### INPUT DATA ###
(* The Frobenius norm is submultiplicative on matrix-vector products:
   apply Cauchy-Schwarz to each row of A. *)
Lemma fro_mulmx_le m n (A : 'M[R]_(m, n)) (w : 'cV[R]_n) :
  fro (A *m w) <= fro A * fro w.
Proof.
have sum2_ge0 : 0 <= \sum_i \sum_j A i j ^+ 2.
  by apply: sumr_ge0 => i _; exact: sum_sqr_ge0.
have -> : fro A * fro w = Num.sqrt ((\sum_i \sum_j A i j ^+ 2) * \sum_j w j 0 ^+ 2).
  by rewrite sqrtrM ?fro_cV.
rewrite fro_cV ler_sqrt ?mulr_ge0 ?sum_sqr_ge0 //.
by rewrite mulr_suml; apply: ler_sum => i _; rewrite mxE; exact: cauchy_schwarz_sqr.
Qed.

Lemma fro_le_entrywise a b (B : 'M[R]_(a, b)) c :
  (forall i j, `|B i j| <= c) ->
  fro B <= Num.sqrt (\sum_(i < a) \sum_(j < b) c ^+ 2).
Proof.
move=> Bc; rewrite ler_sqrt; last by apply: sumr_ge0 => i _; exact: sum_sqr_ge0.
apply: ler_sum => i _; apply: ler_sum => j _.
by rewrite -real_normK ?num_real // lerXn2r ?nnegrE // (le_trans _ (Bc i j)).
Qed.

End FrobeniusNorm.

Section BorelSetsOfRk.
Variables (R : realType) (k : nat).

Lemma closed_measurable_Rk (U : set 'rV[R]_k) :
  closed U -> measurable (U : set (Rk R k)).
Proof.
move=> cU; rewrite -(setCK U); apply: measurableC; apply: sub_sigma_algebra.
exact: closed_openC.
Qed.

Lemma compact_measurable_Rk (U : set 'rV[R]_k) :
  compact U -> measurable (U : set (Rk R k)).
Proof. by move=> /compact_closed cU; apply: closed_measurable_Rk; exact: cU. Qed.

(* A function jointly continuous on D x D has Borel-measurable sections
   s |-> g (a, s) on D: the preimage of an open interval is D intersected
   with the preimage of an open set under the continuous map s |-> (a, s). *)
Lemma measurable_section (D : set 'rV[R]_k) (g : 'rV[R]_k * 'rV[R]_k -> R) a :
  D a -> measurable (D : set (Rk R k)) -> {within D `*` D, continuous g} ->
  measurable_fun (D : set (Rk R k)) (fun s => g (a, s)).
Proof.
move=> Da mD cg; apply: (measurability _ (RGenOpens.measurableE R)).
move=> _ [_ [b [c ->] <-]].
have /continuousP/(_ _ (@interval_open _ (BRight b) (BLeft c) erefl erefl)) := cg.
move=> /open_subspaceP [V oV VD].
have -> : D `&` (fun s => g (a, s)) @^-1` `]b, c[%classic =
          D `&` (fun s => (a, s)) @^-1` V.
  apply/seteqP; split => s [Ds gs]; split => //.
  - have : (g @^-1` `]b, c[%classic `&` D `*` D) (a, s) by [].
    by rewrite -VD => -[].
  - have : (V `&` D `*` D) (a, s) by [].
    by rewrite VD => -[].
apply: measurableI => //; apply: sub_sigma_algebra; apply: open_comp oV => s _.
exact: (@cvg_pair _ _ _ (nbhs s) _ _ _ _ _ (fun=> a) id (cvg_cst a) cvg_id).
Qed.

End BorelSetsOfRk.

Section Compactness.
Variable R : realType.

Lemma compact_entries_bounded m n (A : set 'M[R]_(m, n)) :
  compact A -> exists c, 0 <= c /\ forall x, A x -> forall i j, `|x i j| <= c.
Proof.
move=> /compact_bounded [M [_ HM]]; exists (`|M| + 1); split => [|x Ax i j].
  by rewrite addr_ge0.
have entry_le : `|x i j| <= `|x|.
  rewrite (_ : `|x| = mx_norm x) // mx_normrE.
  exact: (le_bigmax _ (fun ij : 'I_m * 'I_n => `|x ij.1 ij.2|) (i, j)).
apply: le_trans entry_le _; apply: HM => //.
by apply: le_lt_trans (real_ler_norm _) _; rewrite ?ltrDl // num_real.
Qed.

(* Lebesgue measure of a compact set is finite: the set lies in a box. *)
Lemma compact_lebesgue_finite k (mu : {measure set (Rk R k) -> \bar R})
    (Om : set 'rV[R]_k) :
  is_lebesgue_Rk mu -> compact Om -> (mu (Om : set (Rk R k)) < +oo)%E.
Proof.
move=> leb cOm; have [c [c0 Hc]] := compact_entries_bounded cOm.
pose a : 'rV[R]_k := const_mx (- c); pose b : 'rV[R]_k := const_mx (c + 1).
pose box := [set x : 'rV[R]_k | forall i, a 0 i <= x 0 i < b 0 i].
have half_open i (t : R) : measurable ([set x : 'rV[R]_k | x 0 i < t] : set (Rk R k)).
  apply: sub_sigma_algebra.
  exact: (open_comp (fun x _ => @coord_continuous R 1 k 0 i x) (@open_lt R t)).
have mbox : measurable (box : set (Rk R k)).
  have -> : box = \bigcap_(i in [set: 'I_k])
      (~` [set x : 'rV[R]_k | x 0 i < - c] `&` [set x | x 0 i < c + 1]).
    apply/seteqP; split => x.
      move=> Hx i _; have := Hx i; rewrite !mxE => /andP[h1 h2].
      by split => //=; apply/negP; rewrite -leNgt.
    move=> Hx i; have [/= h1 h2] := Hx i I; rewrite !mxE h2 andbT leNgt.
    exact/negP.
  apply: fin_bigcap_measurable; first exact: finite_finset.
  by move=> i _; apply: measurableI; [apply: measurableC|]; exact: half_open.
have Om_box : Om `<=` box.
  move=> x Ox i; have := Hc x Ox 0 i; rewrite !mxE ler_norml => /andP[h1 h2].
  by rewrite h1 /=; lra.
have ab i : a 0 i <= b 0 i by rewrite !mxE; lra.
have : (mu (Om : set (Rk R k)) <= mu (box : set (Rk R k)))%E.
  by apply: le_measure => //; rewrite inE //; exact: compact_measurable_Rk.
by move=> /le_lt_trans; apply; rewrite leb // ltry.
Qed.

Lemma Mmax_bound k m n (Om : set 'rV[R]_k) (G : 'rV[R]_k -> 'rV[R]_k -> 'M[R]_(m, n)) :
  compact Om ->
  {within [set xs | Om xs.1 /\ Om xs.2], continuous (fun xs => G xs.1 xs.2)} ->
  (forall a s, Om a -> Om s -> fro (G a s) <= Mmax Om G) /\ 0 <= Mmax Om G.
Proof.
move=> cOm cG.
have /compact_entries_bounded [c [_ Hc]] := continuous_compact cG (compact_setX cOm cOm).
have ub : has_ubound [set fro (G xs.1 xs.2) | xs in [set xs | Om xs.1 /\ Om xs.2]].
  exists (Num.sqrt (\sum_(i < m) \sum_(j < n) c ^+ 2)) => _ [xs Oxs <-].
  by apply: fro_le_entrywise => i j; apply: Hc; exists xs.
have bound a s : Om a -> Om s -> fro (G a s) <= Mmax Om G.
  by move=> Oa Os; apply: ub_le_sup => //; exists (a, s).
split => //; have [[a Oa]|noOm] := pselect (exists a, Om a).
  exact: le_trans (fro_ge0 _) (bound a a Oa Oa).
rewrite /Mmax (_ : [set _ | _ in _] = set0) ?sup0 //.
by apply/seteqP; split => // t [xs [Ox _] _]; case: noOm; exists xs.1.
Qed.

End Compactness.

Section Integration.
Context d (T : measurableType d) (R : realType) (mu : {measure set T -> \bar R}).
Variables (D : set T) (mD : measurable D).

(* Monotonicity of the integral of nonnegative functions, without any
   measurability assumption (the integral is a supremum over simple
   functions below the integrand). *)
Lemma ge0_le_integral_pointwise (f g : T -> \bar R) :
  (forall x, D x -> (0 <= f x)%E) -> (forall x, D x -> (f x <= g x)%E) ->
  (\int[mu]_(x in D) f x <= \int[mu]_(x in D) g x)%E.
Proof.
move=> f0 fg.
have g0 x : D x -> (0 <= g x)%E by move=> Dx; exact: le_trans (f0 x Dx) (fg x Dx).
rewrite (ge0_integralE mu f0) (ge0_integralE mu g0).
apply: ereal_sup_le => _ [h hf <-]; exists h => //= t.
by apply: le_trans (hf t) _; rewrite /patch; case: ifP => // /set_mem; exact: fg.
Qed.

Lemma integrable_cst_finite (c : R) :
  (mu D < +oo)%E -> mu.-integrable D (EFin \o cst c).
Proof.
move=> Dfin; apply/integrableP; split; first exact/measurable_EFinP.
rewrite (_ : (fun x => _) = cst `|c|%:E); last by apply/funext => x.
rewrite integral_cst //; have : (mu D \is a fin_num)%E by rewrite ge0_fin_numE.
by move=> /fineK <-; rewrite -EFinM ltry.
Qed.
###
### INPUT DATA ###
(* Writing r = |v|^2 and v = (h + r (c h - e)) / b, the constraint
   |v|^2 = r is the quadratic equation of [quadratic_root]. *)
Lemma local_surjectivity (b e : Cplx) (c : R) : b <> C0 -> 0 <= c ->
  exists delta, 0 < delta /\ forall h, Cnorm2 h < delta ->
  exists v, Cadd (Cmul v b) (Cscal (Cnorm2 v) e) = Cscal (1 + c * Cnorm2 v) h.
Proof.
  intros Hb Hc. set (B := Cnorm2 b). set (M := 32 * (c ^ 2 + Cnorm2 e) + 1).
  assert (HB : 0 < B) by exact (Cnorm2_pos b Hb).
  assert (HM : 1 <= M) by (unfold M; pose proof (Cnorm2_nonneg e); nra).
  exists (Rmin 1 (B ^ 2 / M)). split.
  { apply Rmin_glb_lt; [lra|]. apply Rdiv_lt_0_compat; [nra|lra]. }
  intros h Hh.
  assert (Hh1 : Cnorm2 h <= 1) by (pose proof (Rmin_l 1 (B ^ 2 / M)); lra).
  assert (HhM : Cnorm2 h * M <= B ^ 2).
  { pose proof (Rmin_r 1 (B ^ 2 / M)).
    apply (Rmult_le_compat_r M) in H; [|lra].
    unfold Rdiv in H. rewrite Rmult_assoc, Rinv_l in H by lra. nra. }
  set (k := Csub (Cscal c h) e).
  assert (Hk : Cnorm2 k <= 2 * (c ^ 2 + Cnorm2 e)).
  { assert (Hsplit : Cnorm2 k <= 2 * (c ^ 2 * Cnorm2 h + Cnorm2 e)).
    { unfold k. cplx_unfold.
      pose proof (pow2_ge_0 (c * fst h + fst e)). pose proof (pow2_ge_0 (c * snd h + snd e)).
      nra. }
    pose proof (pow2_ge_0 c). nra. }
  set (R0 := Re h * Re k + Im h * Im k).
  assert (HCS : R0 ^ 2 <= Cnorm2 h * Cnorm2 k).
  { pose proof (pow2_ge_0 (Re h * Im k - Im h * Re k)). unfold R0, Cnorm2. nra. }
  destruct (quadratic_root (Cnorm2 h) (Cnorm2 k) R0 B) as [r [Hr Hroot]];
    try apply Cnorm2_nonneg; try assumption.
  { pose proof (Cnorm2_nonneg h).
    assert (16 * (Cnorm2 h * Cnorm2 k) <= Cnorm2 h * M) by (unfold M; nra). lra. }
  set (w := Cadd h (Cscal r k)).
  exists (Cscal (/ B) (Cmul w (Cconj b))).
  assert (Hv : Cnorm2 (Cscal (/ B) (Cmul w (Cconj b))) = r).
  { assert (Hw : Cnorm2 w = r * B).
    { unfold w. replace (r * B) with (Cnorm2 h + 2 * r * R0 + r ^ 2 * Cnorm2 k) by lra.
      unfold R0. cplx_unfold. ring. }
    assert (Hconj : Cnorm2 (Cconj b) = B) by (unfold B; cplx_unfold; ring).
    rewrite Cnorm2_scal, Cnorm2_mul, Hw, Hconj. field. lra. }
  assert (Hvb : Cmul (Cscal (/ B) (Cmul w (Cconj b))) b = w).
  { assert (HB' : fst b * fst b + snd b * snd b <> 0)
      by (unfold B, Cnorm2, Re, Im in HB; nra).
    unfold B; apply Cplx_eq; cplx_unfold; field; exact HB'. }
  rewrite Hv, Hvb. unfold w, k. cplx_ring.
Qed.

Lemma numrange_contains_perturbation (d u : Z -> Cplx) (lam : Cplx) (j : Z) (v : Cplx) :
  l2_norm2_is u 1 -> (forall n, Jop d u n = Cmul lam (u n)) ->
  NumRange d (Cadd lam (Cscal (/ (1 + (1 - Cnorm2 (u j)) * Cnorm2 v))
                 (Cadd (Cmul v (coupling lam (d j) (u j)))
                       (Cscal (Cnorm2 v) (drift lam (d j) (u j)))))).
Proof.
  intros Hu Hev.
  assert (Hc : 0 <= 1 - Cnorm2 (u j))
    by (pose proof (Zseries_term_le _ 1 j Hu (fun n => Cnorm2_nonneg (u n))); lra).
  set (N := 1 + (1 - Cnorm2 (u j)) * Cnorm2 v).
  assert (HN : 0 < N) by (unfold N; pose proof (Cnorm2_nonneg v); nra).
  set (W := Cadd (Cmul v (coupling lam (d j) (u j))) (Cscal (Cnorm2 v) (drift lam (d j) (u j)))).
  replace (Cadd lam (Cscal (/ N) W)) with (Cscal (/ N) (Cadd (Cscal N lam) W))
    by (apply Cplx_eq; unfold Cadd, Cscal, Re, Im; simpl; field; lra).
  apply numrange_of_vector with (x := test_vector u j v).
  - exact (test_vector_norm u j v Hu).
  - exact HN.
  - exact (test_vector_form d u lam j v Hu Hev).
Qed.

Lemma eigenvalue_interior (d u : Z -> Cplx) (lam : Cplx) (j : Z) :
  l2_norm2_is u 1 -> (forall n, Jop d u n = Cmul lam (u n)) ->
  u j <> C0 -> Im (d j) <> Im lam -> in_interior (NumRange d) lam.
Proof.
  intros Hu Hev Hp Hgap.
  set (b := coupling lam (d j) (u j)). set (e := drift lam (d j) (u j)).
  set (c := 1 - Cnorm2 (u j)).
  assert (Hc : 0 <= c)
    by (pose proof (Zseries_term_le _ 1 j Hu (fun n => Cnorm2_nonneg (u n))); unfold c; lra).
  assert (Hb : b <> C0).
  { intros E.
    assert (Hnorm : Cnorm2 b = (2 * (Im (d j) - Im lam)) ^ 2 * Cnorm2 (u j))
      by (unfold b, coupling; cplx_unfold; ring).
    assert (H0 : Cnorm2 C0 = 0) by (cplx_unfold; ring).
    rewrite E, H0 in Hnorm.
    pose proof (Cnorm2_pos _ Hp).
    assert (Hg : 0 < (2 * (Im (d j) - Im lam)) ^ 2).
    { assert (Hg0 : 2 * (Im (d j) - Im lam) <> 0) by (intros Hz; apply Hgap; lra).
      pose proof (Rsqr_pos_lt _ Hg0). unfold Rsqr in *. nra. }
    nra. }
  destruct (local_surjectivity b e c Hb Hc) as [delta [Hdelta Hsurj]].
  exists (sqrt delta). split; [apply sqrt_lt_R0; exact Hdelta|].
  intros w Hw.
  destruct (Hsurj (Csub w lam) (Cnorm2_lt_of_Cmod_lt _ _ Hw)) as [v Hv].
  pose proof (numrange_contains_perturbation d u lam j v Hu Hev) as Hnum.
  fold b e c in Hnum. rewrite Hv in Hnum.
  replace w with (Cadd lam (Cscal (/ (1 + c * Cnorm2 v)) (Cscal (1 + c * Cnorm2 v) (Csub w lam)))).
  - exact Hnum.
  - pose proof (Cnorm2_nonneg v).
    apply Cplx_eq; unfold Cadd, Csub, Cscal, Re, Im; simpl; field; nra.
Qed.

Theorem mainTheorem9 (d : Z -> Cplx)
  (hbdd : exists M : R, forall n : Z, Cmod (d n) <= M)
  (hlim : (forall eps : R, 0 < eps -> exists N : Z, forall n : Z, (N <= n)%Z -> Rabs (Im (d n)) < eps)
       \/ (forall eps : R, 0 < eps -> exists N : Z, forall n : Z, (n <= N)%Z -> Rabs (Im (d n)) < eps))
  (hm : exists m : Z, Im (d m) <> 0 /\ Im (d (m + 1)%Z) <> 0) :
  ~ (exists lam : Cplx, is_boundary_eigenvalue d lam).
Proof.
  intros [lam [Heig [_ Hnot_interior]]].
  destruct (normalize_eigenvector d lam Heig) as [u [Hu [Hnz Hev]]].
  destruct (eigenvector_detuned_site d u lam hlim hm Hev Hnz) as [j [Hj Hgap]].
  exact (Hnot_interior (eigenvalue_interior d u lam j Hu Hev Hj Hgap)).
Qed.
###
● TASK OBJECTIVE:
Each line in the data that holds the string "ltry" needs to be copied.

● WORKED SOLUTION:
by move=> /le_lt_trans; apply; rewrite leb // ltry.
by move=> /fineK <-; rewrite -EFinM ltry.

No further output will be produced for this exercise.